1. Introduction
Donkeys (Equus asinus) differ from horses, being more stoical in their behavior and showing limited fear response and a great adaptability to different environmental conditions. They have narrow, vertical hooves that are suitable for rocky areas, and they can tolerate hot dry conditions, often in areas with low-quality forages. For all these reasons, donkeys are considered a more rustic species than horses [1]. Donkeys are worldwide bred for both productive (work and milk) and recreational aims. In recent years, donkey breeding has increased, also following the preservation and protection of autochthonous breeds [1]. However, the studies about the occurrence of pathogens of the donkey are still scant, being that this animal species is considered to not require much care. For these reasons, donkey health problems are neglected [2]. Nevertheless, donkeys may be susceptible to many pathological agents and, being their breeding is often promiscuous [3], they could also act as carriers of pathogens for other animal species and humans, when zoonotic agents are involved.
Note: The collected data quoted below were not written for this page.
(* Let $n\ge2$. For all $x,y\in\mathbb{H}^n$, $$\tfrac14\rho_{\mathbb{H}^n}(x,y)\le\tilde\tau_{\mathbb{H}^n}(x,y)\le\rho_{\mathbb{H}^n}(x,y)\quad\text{and}\quad \tilde\tau_{\mathbb{H}^n}(x,y)\le\tfrac12\rho_{\mathbb{H}^n}(x,y)+\log\tfrac54,$$ and all these inequalities are sharp: $$\inf_{x\ne y}\frac{\tilde\tau_{\mathbb{H}^n}(x,y)}{\rho_{\mathbb{H}^n}(x,y)}=\tfrac14,\qquad \sup_{x\ne y}\frac{\tilde\tau_{\mathbb{H}^n}(x,y)}{\rho_{\mathbb{H}^n}(x,y)}=1,$$ and equality $\tilde\tau_{\mathbb{H}^n}(x,y)=\tfrac12\rho_{\mathbb{H}^n}(x,y)+\log\tfrac54$ holds for $x=2e_n$, $y=\tfrac12e_n$.
   Context: $\mathbb{H}^n=\{(x_1,\dots,x_n)\in\mathbb{R}^n:x_n>0\}$ with boundary $\{x_n=0\}$ in $\mathbb{R}^n$; $e_n$ is the $n$-th standard basis vector. The hyperbolic metric $\rho_{\mathbb{H}^n}$ is given by $\cosh\rho_{\mathbb{H}^n}(x,y)=1+\frac{|x-y|^2}{2x_ny_n}$. For a proper subdomain $D\subsetneq\mathbb{R}^n$ and $x,y\in D$, $\tilde\tau_D(x,y)=\log\big(1+\sup_{p\in\partial D}\frac{|x-y|}{\sqrt{|x-p||y-p|}}\big)$ (the scale invariant Cassinian metric). *)

From Stdlib Require Import Reals Lra ClassicalEpsilon.
Open Scope R_scope.

(* Points of R^n are functions nat -> R; only coordinates 0..n-1 are meaningful.
   Coordinate x_n of the paper is index n-1 here. *)
Definition pt := nat -> R.

Fixpoint sumR (n : nat) (f : nat -> R) : R :=
  match n with O => 0 | S k => sumR k f + f k end.

Definition edist (n : nat) (x y : pt) : R :=
  sqrt (sumR n (fun i => (x i - y i) ^ 2)).

Definition lastc (n : nat) (x : pt) : R := x (n - 1)%nat.

Definition inH (n : nat) (x : pt) : Prop := 0 < lastc n x.
Definition inbdH (n : nat) (p : pt) : Prop := lastc n p = 0.

Definition ptneq (n : nat) (x y : pt) : Prop := exists i, (i < n)%nat /\ x i <> y i.

Definition cen (n : nat) (c : R) : pt := fun i => if Nat.eqb i (n - 1) then c else 0.

Definition arcosh (t : R) : R := ln (t + sqrt (t ^ 2 - 1)).

Definition rhoH (n : nat) (x y : pt) : R :=
  arcosh (1 + (edist n x y) ^ 2 / (2 * lastc n x * lastc n y)).

(* supremum (least upper bound) of a set of reals, chosen classically;
   meaningful when the lub exists (it does below: the set is bounded and nonempty). *)
Definition supR (E : R -> Prop) : R :=
  epsilon (inhabits 0) (fun l => is_lub E l).

Definition is_glb (E : R -> Prop) (m : R) : Prop :=
  (forall x, E x -> m <= x) /\ (forall b, (forall x, E x -> b <= x) -> b <= m).

Definition cass_set (n : nat) (x y : pt) : R -> Prop :=
  fun t => exists p, inbdH n p /\
    t = edist n x y / sqrt (edist n x p * edist n y p).

Definition tauH (n : nat) (x y : pt) : R := ln (1 + supR (cass_set n x y)).

Definition ratio_set (n : nat) : R -> Prop :=
  fun r => exists x y, inH n x /\ inH n y /\ ptneq n x y /\ r = tauH n x y / rhoH n x y.

(* Write [u = |x - y| / sqrt (x_n y_n)], so that [cosh rho = 1 + u^2/2], i.e. [w = e^(rho/2)] is the
   root [w >= 1] of [w^2 = u w + 1], and let [s] be the Cassinian supremum, so [tau = ln (1 + s)].
   Since [|x - p| >= x_n] on the boundary, [s <= u]; taking for [p] the foot of the lower point
   gives [(1 + s)^2 >= 1 + u].  The three inequalities then follow from [w <= 1 + u <= w^2] and
   [1 + u <= 5 w / 4].  Sharpness: for [x = e_n], [y = w^2 e_n] one gets [tau = ln (1 + w - 1/w)]
   and [rho = 2 ln w], whose ratio tends to 1 as [w -> 1]; for [x = e_n], [y = (v^2 + 1) e_1 + e_n]
   every boundary point has [|x - p| |y - p| >= v^2], so [tau <= ln (2 v)] while [rho >= 4 ln v]. *)

From Stdlib Require Import Reals Lra Lia Psatz ClassicalEpsilon.
Open Scope R_scope.

Lemma ln_le (x y : R) : 0 < x -> x <= y -> ln x <= ln y.
Proof.
  intros hx [hxy | ->]; [left; exact (ln_increasing x y hx hxy) | lra].
Qed.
In Tuscany (central Italy), Amiatina is an endangered autochthonous donkey breed, reared for both milk production and onotherapy; that is a donkey-assisted therapy aiming at improving body functions, activities, and participation in subjects affected by various disabilities [4].
Donkey milk is produced for human consumption, mostly intended for allergic infants and/or elderly people, and for cosmetic use. Therefore, microbiological controls to certify milk quality are required by the European law (Regulation EC 853/2004) [5] and routinely achieved in dairy donkey farms. However, to the best of our knowledge, data concerning the occurrence of potentially abortifacient apicomplexan protozoa in this animal species are scant, and the occurrence of the DNA of these protozoa in donkey milk has been scarcely investigated.
Indeed, among these agents, available data are only referred to Toxoplasma gondii [6], a zoonotic protozoan with cats as definitive hosts. The infection can be acquired by the ingestion of infected raw meat and milk, as well as from sporulated oocysts, and it has been reported worldwide in donkeys [3,6,7,8,9,10,11]. Although T. gondii is one of the main abortifacient agents, the infection in horses is usually subclinical. Nevertheless, atypical clinical signs such as fever, ataxia, retinal degeneration, encephalomyelitis, and abortion or stillbirth in pregnant equids have been described [7].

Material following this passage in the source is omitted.